(* Cauchy-Schwarz, read off from the triangle inequality squared. *)
Lemma ip_le_normM x y : ip x y <= `|x| * `|y|.
Proof.
have : `|x + y| ^+ 2 <= (`|x| + `|y|) ^+ 2.
  by rewrite lerXn2r ?nnegrE ?addr_ge0 // ler_normD.
rewrite normrD_sqr; nra.
Qed.

Lemma normr_ip_le x y : `|ip x y| <= `|x| * `|y|.
Proof.
rewrite ler_norml ip_le_normM andbT.
by have := ip_le_normM (- x) y; rewrite ipNl normrN; lra.
Qed.

Lemma ip_continuous_eps x y t : 0 < t -> exists2 eta, 0 < eta &
  forall u v, `|u - x| < eta -> `|v - y| < eta -> `|ip u v - ip x y| < t.
Proof.
move=> t0; set M := `|x| + `|y| + 2.
have M0 : 0 < M by rewrite /M; have := normr_ge0 x; have := normr_ge0 y; lra.
exists (Num.min 1 (t / M)); first by rewrite lt_min ltr01 divr_gt0.
move=> u v; set e := Num.min 1 (t / M) => hu hv.
have e1 : e <= 1 by rewrite ge_min lexx.
have eM : e * M <= t by rewrite -ler_pdivlMr // ge_min lexx orbT.
have -> : ip u v - ip x y = ip (u - x) v + ip x (v - y) by rewrite ipBl ipBr; ring.
apply: le_lt_trans (ler_normD _ _) _.
have c1 := normr_ip_le (u - x) v; have c2 := normr_ip_le x (v - y).
have nv : `|v| <= `|y| + `|v - y| by rewrite -[v in `|v|](subrKC y) ler_normD.
have nx := normr_ge0 x; have ny := normr_ge0 y.
have n1 := normr_ge0 (u - x); have n2 := normr_ge0 (v - y).
rewrite /M in eM; nra.
Qed.

Lemma ip_self_le_eq x y : ip x x <= ip x y -> ip y y <= ip y x -> x = y.
Proof.
move=> hx hy; apply/eqP; rewrite -subr_eq0 -normr_eq0 -sqrf_eq0.
rewrite eq_le sqr_ge0 andbT normrB_sqr -!ipxx (ipC y x) in hy *; lra.
Qed.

--*--

Work order
The required answer is the exact run of lines above starting at the line with "Lemma ip_le_normM x" and ending at the line with "have nx := normr_ge0", with both ends present.

Answer section
Lemma ip_le_normM x y : ip x y <= `|x| * `|y|.
Proof.
have : `|x + y| ^+ 2 <= (`|x| + `|y|) ^+ 2.
  by rewrite lerXn2r ?nnegrE ?addr_ge0 // ler_normD.
rewrite normrD_sqr; nra.
Qed.

Lemma normr_ip_le x y : `|ip x y| <= `|x| * `|y|.
Proof.
rewrite ler_norml ip_le_normM andbT.
by have := ip_le_normM (- x) y; rewrite ipNl normrN; lra.
Qed.

Lemma ip_continuous_eps x y t : 0 < t -> exists2 eta, 0 < eta &
  forall u v, `|u - x| < eta -> `|v - y| < eta -> `|ip u v - ip x y| < t.
Proof.
move=> t0; set M := `|x| + `|y| + 2.
have M0 : 0 < M by rewrite /M; have := normr_ge0 x; have := normr_ge0 y; lra.
exists (Num.min 1 (t / M)); first by rewrite lt_min ltr01 divr_gt0.
move=> u v; set e := Num.min 1 (t / M) => hu hv.
have e1 : e <= 1 by rewrite ge_min lexx.
have eM : e * M <= t by rewrite -ler_pdivlMr // ge_min lexx orbT.
have -> : ip u v - ip x y = ip (u - x) v + ip x (v - y) by rewrite ipBl ipBr; ring.
apply: le_lt_trans (ler_normD _ _) _.
have c1 := normr_ip_le (u - x) v; have c2 := normr_ip_le x (v - y).
have nv : `|v| <= `|y| + `|v - y| by rewrite -[v in `|v|](subrKC y) ler_normD.
have nx := normr_ge0 x; have ny := normr_ge0 y.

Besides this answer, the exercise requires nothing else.